Neil Harris reckons that Millwall’s progress needs to be put in context – and that Tuesday’s 0-0 draw against Hull City was still a good Championship point banked.
The Lions went toe to toe with Leonid Slutsky’s side, who were a Premier League outfit until May.
And Millwall also secured a draw at Sunderland on Saturday. Both are clubs viewed as majorly underperforming considering their size and also status.
Next up for Harris’ side, winless in five matches, is the short trip across the capital to Fulham. The Whites, beaten in the Championship play-off semi-final against Reading at the end of last season, edged a 5-4 thriller at Sheffield United in midweek.
“My players and our fanbase have got to remember where we are and realise what we have achieved over the last two years,” said Harris, who led Millwall to promotion via the play-offs in May.
“We have to remember the level we are playing at. The players were disappointed with the fans’ reaction at half-time on Tuesday night. There was a little bit of frustration in the crowd because they [Hull] had had a little bit of a spell and we didn’t play great. But you have to remember the players we have missing from our team-sheet and squad-sheet.
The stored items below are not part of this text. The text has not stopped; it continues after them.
(* In the parallel-links routing game with homogeneous costs described in the context, suppose either $N=2$ or all $N$ users have equal demands $r^i=R/N$. Let $\alpha^i>0$ with $\sum_i\alpha^i=1$, and let $PoS$ be the ratio of the weighted social cost of the NBS, $\sum_i\alpha^i\tilde g^i$, to the minimum over feasible profiles of the weighted social cost $J^\alpha_{sys}(\mathbf f)=\sum_i\alpha^i\sum_lf^i_lT_l(f_l)$. Then $PoS\le\max_i\alpha^i/\min_i\alpha^i$.
   Context: Parallel-links routing game: users $\mathcal N=\{1,\dots,N\}$ share parallel links $\mathcal L=\{1,\dots,L\}$ from a common source to a common destination; link $l$ has capacity $c_l$. User $i$ has demand $r^i>0$, $R=\sum_ir^i<\sum_lc_l$. A routing strategy of user $i$ is $\mathbf f^i=(f^i_l)_l$ with $f^i_l\ge0$, $\sum_lf^i_l=r^i$; feasible profiles form $\mathbf F$; $f_l=\sum_if^i_l$. Homogeneous costs: $J^i(\mathbf f)=\sum_lf^i_lT_l(f_l)$, each $T_l:[0,\infty)\to[0,\infty)$ strictly increasing, convex, continuously differentiable, with $T_l(f_l)=T(c_l-f_l)$ for $f_l<c_l$ and $T_l(f_l)=\infty$ for $f_l\ge c_l$, for a single link-independent function $T$ with $T(c_l-f_l)$ strictly increasing in $f_l$. NEP: the unique feasible $\hat{\mathbf f}$ in which each user's strategy minimizes its cost given the others'; $\hat J^i=J^i(\hat{\mathbf f})$. Bargaining: $\mathcal G$ is the set of all vectors $\sum_{m=1}^Mp_m(J^1(\mathbf f(m)),\dots,J^N(\mathbf f(m)))$ with $M$ finite, $p_m>0$, $\sum p_m=1$, $\mathbf f(m)\in\mathbf F$; the NBS is the unique $\tilde{\mathbf g}$ maximizing $\prod_i(\hat J^i-g^i)$ over $\mathbf g\in\mathcal G$ with $g^i\le\hat J^i$ for all $i$. *)

From HB Require Import structures.
From mathcomp Require Import all_boot all_order all_algebra.
From mathcomp Require Import all_classical all_reals all_analysis.
Set Implicit Arguments. Unset Strict Implicit. Unset Printing Implicit Defensive.
Import Order.TTheory GRing.Theory Num.Theory.
Import numFieldNormedType.Exports.
Local Open Scope classical_set_scope.
Local Open Scope ring_scope.
Lemma infinite_sum_between (s : nat -> R) y lo hi n0 :
  infinite_sum s y -> (forall N, (n0 <= N)%nat -> lo <= sum_f_R0 s N <= hi) -> lo <= y <= hi.
Proof.
  intros Hs Hb.
  assert (Hnear : forall eps, 0 < eps ->
            exists N, lo <= sum_f_R0 s N <= hi /\ Rabs (sum_f_R0 s N - y) < eps).
  { intros eps Heps. destruct (Hs eps Heps) as [N HN].
    exists (Nat.max N n0). split; [apply Hb; lia | apply HN; lia]. }
  split; apply Rnot_lt_le; intros Hlt.
  - destruct (Hnear (lo - y)) as [N [HN HNy]]; [lra|]. apply Rabs_def2 in HNy. lra.
  - destruct (Hnear (y - hi)) as [N [HN HNy]]; [lra|]. apply Rabs_def2 in HNy. lra.
Qed.

(* The extreme values of [sum d_i x^i] for [-1 < x < 0] and digits in [{0, ..., b - 1}]:
   all digits [b - 1] on the even powers give [c], on the odd powers [c x]. *)
Definition max_digit_series (b : nat) (x : R) : R := (INR b - 1) / (1 - x ^ 2).

Section DigitSeries.

Variables (b : nat) (x : R).
Hypothesis hx : -1 < x < 0.
Hypothesis hb : (1 <= b)%nat.

Lemma max_digit_series_nonneg : 0 <= max_digit_series b x.
Proof.
  assert (1 <= INR b) by (apply (le_INR 1); exact hb).
  unfold max_digit_series. apply Rmult_le_pos; [lra|].
  apply Rlt_le, Rinv_0_lt_compat. simpl. nra.
Qed.

Lemma psum_digits_bounds d N : (forall i, (d i < b)%nat) ->
  max_digit_series b x * x <= psum d N x <= max_digit_series b x.
Proof.
  pose proof max_digit_series_nonneg as Hc.
  assert (Hfix : max_digit_series b x * (1 - x ^ 2) = INR b - 1).
  { unfold max_digit_series. field. simpl. nra. }
  revert d. induction N as [|N IH]; intros d Hd; [simpl; nra|].
  rewrite psum_S_shift. destruct (IH (fun i => d (S i))) as [Hlo Hhi]; [intros; apply Hd|].
  assert (Hd0 : INR (d O) + 1 <= INR b) by (rewrite <- S_INR; apply le_INR, Hd).
  pose proof (pos_INR (d O)). simpl in Hfix. split; nra.
Qed.

Lemma digit_series_converges u : (forall i, (u i < b)%nat) ->
  exists y, infinite_sum (fun i => INR (u i) * x ^ i) y.
Proof.
  intros Hu. pose proof max_digit_series_nonneg as Hc. set (c := max_digit_series b x) in *.
  assert (Htail : forall N k, Rabs (psum u (N + k) x - psum u N x) <= Rabs (x ^ N) * c).
  { intros N k. rewrite psum_add.
    replace (_ + _ - _) with (x ^ N * psum (fun i => u (N + i)%nat) k x) by ring.
    rewrite Rabs_mult. apply Rmult_le_compat_l; [apply Rabs_pos|].
    destruct (psum_digits_bounds (fun i => u (N + i)%nat) k) as [Hlo Hhi]; [intros; apply Hu|].
    apply Rabs_le. fold c in Hlo, Hhi. nra. }
  assert (HC : Cauchy_crit (fun N => sum_f_R0 (fun i => INR (u i) * x ^ i) N)).
  { intros eps Heps.
    destruct (pow_lt_1_zero x ltac:(apply Rabs_def1; lra) (eps / (2 * (c + 1)))) as [N HN].
    { apply Rdiv_lt_0_compat; lra. }
    assert (Hsmall : Rabs (x ^ N) * c < eps / 2).
    { apply Rle_lt_trans with (eps / (2 * (c + 1)) * c).
      - apply Rmult_le_compat_r, Rlt_le, HN; [exact Hc | lia].
      - apply Rmult_lt_reg_r with (2 * (c + 1)); [lra|].
        replace (eps / (2 * (c + 1)) * c * (2 * (c + 1))) with (eps * c) by (field; lra).
        nra. }
    exists N. intros m k Hm Hk. unfold Rdist. rewrite !sum_f_R0_psum.
    pose proof (Htail N (S m - N)%nat) as Htm. pose proof (Htail N (S k - N)%nat) as Htk.
    replace (N + (S m - N))%nat with (S m) in Htm by lia.
    replace (N + (S k - N))%nat with (S k) in Htk by lia.
    revert Htm Htk. split_Rabs; lra. }
  destruct (R_complete _ HC) as [y Hy]. exists y. exact Hy.
Qed.

Lemma digit_series_bounds u y n : (forall i, (u i < b)%nat) ->
  infinite_sum (fun i => INR (u i) * x ^ i) y ->
  let K := x ^ n * max_digit_series b x in
  psum u n x + Rmin (K * x) K <= y <= psum u n x + Rmax (K * x) K.
Proof.
  intros Hu Hy K. apply (infinite_sum_between _ _ _ _ n Hy). intros N HN.
  rewrite sum_f_R0_psum. replace (S N) with (n + (S N - n))%nat by lia. rewrite psum_add.
  destruct (psum_digits_bounds (fun i => u (n + i)%nat) (S N - n)) as [Hlo Hhi];
    [intros; apply Hu|].
  set (T := psum (fun i => u (n + i)%nat) (S N - n) x) in *.
  unfold K, Rmin, Rmax. destruct (Rle_dec _ _); destruct (Rle_dec 0 (x ^ n)); split; nra.
Qed.

End DigitSeries.

Lemma is_inf_exists (E : R -> Prop) :
  (exists y, E y) -> (exists l, forall y, E y -> l <= y) -> exists m, is_inf E m.
Proof.
  intros [y Hy] [l Hl].
  destruct (completeness (fun z => E (- z))) as [s [Hub Hleast]].
  - exists (- l). intros z Hz. apply Hl in Hz. lra.
  - exists (- y). rewrite Ropp_involutive. exact Hy.
  - exists (- s). split.
    + intros z Hz. assert (- z <= s) by (apply Hub; rewrite Ropp_involutive; exact Hz). lra.
    + intros m Hm. assert (s <= - m); [|lra].
      apply Hleast. intros z Hz. apply Hm in Hz. lra.
Qed.

Lemma between_Rmin_Rmax_scaled (M K x s : R) : K <> 0 -> x <= 1 ->
  M + Rmin (K * x) K <= s <= M + Rmax (K * x) K -> exists t, x <= t <= 1 /\ s = M + K * t.
Proof.
  intros HK Hx Hs. set (t := (s - M) / K).
  assert (Ht : s = M + K * t) by (unfold t; field; exact HK).
  exists t. split; [|exact Ht]. rewrite Ht in Hs.
  destruct (Rlt_or_le 0 K) as [HKp | HKn].
  - rewrite Rmin_left, Rmax_right in Hs by nra. split; nra.
  - assert (K < 0) by lra. rewrite Rmin_right, Rmax_left in Hs by nra. split; nra.
Qed.

Lemma max_digit_series_pos b x : (2 <= b)%nat -> -1 < x < 1 -> 0 < max_digit_series b x.
Proof.
  intros Hb Hx. assert (2 <= INR b) by (apply (le_INR 2); exact Hb).
  unfold max_digit_series. apply Rdiv_lt_0_compat; [lra|]. simpl. nra.
Qed.

Lemma beta_frac_bounds a b beta : (1 <= b)%nat -> (b <= a)%nat -> 0 < beta ->
  beta ^ 2 = INR a * beta + INR b -> INR a < beta < INR a + 1.
Proof.
  intros Hb Hab Hbeta Hroot.
  assert (1 <= INR b) by (apply (le_INR 1); exact Hb).
  assert (INR b <= INR a) by (apply le_INR; exact Hab).
  simpl in Hroot. split; nra.
Qed.

Theorem proposition4 (a b : nat) (beta : R)
  (hb : (2 <= b)%nat) (hab : (b <= a)%nat)
  (hbeta : 1 < beta) (hroot : beta ^ 2 = INR a * beta + INR b)
  (n : nat) :
  exists t : R, INR a - beta <= t <= 1 /\
    is_inf (fun y => exists j : Z,
               infinite_sum (fun i => INR (h beta b (IZR j) i) * (INR a - beta) ^ i) y)
           (mu beta b n (INR a - beta)
            + (INR a - beta) ^ n * ((INR b - 1) / (1 - (INR a - beta) ^ 2)) * t).
Proof.
  assert (hb1 : (1 <= b)%nat) by lia.
  assert (hfrac := beta_frac_bounds a b beta hb1 hab ltac:(lra) hroot).
  pose proof (h_digit_lt a b beta hroot ltac:(lia)) as hdigit.
  set (x := INR a - beta). assert (hx : -1 < x < 0) by (unfold x; lra).
  change ((INR b - 1) / (1 - x ^ 2)) with (max_digit_series b x).
  set (K := x ^ n * max_digit_series b x). set (M := mu beta b n x).
  assert (HK : K <> 0).
  { apply Rmult_integral_contrapositive. split; [apply pow_nonzero; lra|].
    apply Rgt_not_eq, max_digit_series_pos; [exact hb | lra]. }
  set (E := fun y => exists j : Z, infinite_sum (fun i => INR (h beta b (IZR j) i) * x ^ i) y).
  assert (Hlow : forall y, E y -> M + Rmin (K * x) K <= y).
  { intros y [j Hy].
    destruct (digit_series_bounds b x hx hb1 _ y n (hdigit j) Hy) as [Hy_low _].
    pose proof (mu_le_psum_h a b beta hroot hfrac ltac:(lia) n x j) as Hmu.
    fold K in Hy_low. fold M in Hmu. lra. }
  destruct (mu_attained beta b n x) as [j0 Hj0].
  destruct (digit_series_converges b x hx hb1 _ (hdigit j0)) as [y0 Hy0].
  assert (Hy0E : E y0) by (exists j0; exact Hy0).
  destruct (is_inf_exists E) as [s Hs]; [exists y0; exact Hy0E | eexists; exact Hlow |].
  assert (Hs_up : s <= M + Rmax (K * x) K).
  { destruct (digit_series_bounds b x hx hb1 _ y0 n (hdigit j0) Hy0) as [_ Hy0_up].
    fold K in Hy0_up. rewrite <- Hj0 in Hy0_up. fold M in Hy0_up. apply Hs in Hy0E. lra. }
  destruct (between_Rmin_Rmax_scaled M K x s HK) as [t [Ht ->]];
    [lra | split; [apply Hs, Hlow | exact Hs_up] |].
  exists t. split; [exact Ht | exact Hs].
Qed.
“It is a little bit of a reality check. We are building something but the expectation levels have to be realistic. I’m the first to moan at my players if we’re not doing the right things. If we are consistently getting something wrong then I’ll have my say.
“We want to scare the life out of the opposition. We talk about what comes first – the fanbase getting behind the players or the players getting up the fanbase. We had an alright start but then fell away – we needed lifting.
“The players need to be more consistent, but the fans need to get behind the team and support it.
“My players gave everything. Whether we play well or don’t play well, they give absolutely everything on the pitch. Do we make wrong decisions? Yeah, we do. But that’s where we are as a group at this level.”
The criticism since gaining promotion is that Millwall lack that ruthless touch. But the flip side is just 19 goals conceded – the sixth best defensive record in the division.
“We are also in the top-six for chances created per game,” said Harris.
“We’re not letting many goals in and creating a hell of a lot of chances, but not being clinical in the box. That’s individual form unfortunately.
“Strikers have peaks and troughs with goals. But there were some great performances the other night. Seven clean sheets for the season is an outstanding achievement in this league.
“We’ve got to make sure if we’re not putting the ball in the net then we are keeping them out the other end.”
Lee Gregory has gone seven matches without a goal and was unable to keep down a late chance at The Den in midweek.
His two appearances on the scoresheet this season have been in home matches.
Harris said: “Lee’s all-round game is brilliant at the moment – outstanding. His work ethic and desire is there in training. The extra sessions he is doing with me, and on his own, to practise his finishing is top-drawer.
“Scoring will give him momentum. He needs a little bit of luck – a ricochet into the net or taking advantage of a keeper’s mistake.
“But I’ve been involved in lots of teams and the good thing is we are making lots of chances. We’re just not getting the rub of the green in front of goal.
“We didn’t put enough balls into the box in the first hour of the [Hull] game but then Fred [Onyedinma] came on and provided two brilliant balls into there.
“It will fall for us in the box. Their keeper made a top save from Hutch [Shaun Hutchinson]. It might take a Conor McLauglin special – like at QPR – to get the ball rolling again.”